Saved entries

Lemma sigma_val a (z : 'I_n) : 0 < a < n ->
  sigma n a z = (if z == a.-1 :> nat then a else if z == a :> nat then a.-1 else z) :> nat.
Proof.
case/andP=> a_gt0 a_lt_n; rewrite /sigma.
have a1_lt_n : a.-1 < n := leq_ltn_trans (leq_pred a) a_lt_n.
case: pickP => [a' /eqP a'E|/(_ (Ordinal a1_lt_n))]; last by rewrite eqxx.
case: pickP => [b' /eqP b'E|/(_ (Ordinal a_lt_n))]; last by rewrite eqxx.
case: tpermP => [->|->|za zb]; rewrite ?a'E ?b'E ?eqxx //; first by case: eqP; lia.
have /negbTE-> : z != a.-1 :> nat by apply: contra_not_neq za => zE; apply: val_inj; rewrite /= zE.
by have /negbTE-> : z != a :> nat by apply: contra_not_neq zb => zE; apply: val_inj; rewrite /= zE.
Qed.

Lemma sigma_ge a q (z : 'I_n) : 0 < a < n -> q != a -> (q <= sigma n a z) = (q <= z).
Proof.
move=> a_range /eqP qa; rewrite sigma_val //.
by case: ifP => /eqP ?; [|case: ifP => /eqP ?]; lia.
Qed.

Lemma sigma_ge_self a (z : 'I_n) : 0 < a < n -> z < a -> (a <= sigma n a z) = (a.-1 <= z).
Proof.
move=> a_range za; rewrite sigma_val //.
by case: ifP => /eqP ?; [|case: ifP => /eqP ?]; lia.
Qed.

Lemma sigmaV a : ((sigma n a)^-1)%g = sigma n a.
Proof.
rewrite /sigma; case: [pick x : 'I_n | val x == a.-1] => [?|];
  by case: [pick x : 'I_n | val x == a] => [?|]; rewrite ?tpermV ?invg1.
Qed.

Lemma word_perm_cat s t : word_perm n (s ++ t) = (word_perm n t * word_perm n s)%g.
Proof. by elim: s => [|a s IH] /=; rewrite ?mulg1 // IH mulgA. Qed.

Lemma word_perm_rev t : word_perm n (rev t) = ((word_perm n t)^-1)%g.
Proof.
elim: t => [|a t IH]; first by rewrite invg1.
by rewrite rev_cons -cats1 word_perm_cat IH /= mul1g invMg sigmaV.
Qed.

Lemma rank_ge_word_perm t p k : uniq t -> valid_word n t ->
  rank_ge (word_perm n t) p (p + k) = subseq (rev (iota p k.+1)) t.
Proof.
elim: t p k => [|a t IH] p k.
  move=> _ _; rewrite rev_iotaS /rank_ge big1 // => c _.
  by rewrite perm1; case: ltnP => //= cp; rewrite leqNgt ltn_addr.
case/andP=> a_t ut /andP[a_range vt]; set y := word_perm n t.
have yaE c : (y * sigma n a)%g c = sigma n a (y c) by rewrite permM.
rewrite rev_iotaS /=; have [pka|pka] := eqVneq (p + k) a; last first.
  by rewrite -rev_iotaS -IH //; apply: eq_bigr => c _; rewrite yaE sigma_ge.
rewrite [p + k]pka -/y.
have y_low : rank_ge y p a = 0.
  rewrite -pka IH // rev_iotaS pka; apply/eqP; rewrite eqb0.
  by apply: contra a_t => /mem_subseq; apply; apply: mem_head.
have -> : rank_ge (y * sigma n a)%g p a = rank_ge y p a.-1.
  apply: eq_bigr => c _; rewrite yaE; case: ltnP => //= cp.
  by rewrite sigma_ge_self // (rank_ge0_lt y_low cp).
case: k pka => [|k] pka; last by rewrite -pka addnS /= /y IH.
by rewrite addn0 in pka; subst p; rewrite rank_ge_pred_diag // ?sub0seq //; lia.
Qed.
...
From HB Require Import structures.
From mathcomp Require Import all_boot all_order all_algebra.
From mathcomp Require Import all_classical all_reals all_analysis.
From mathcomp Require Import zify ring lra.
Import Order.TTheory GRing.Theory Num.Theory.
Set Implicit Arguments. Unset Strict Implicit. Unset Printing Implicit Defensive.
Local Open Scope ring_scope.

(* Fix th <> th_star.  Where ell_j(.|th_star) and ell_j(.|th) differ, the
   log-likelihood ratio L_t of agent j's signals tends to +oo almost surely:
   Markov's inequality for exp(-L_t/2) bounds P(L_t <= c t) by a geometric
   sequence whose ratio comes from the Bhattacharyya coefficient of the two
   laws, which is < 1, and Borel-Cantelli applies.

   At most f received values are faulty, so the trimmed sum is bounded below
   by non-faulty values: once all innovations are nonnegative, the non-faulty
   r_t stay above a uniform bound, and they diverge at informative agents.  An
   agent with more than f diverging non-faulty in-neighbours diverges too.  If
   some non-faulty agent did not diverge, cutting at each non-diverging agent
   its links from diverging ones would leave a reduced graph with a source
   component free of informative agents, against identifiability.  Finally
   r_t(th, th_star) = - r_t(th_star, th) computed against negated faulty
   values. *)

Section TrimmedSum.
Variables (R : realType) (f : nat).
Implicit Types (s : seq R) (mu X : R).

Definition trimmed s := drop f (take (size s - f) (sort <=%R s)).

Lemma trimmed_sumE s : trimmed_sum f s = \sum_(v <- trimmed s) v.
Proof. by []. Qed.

◆ What to do ◆
Take the entries above and return only the lines from the one with "case: pickP => [b'" to the one with "rewrite /sigma; case: [pick", both included, unchanged.

◆ Your solution ◆
case: pickP => [b' /eqP b'E|/(_ (Ordinal a_lt_n))]; last by rewrite eqxx.
case: tpermP => [->|->|za zb]; rewrite ?a'E ?b'E ?eqxx //; first by case: eqP; lia.
have /negbTE-> : z != a.-1 :> nat by apply: contra_not_neq za => zE; apply: val_inj; rewrite /= zE.
by have /negbTE-> : z != a :> nat by apply: contra_not_neq zb => zE; apply: val_inj; rewrite /= zE.
Qed.

Lemma sigma_ge a q (z : 'I_n) : 0 < a < n -> q != a -> (q <= sigma n a z) = (q <= z).
Proof.
move=> a_range /eqP qa; rewrite sigma_val //.
by case: ifP => /eqP ?; [|case: ifP => /eqP ?]; lia.
Qed.

Lemma sigma_ge_self a (z : 'I_n) : 0 < a < n -> z < a -> (a <= sigma n a z) = (a.-1 <= z).
Proof.
move=> a_range za; rewrite sigma_val //.
by case: ifP => /eqP ?; [|case: ifP => /eqP ?]; lia.
Qed.

Lemma sigmaV a : ((sigma n a)^-1)%g = sigma n a.
Proof.
rewrite /sigma; case: [pick x : 'I_n | val x == a.-1] => [?|];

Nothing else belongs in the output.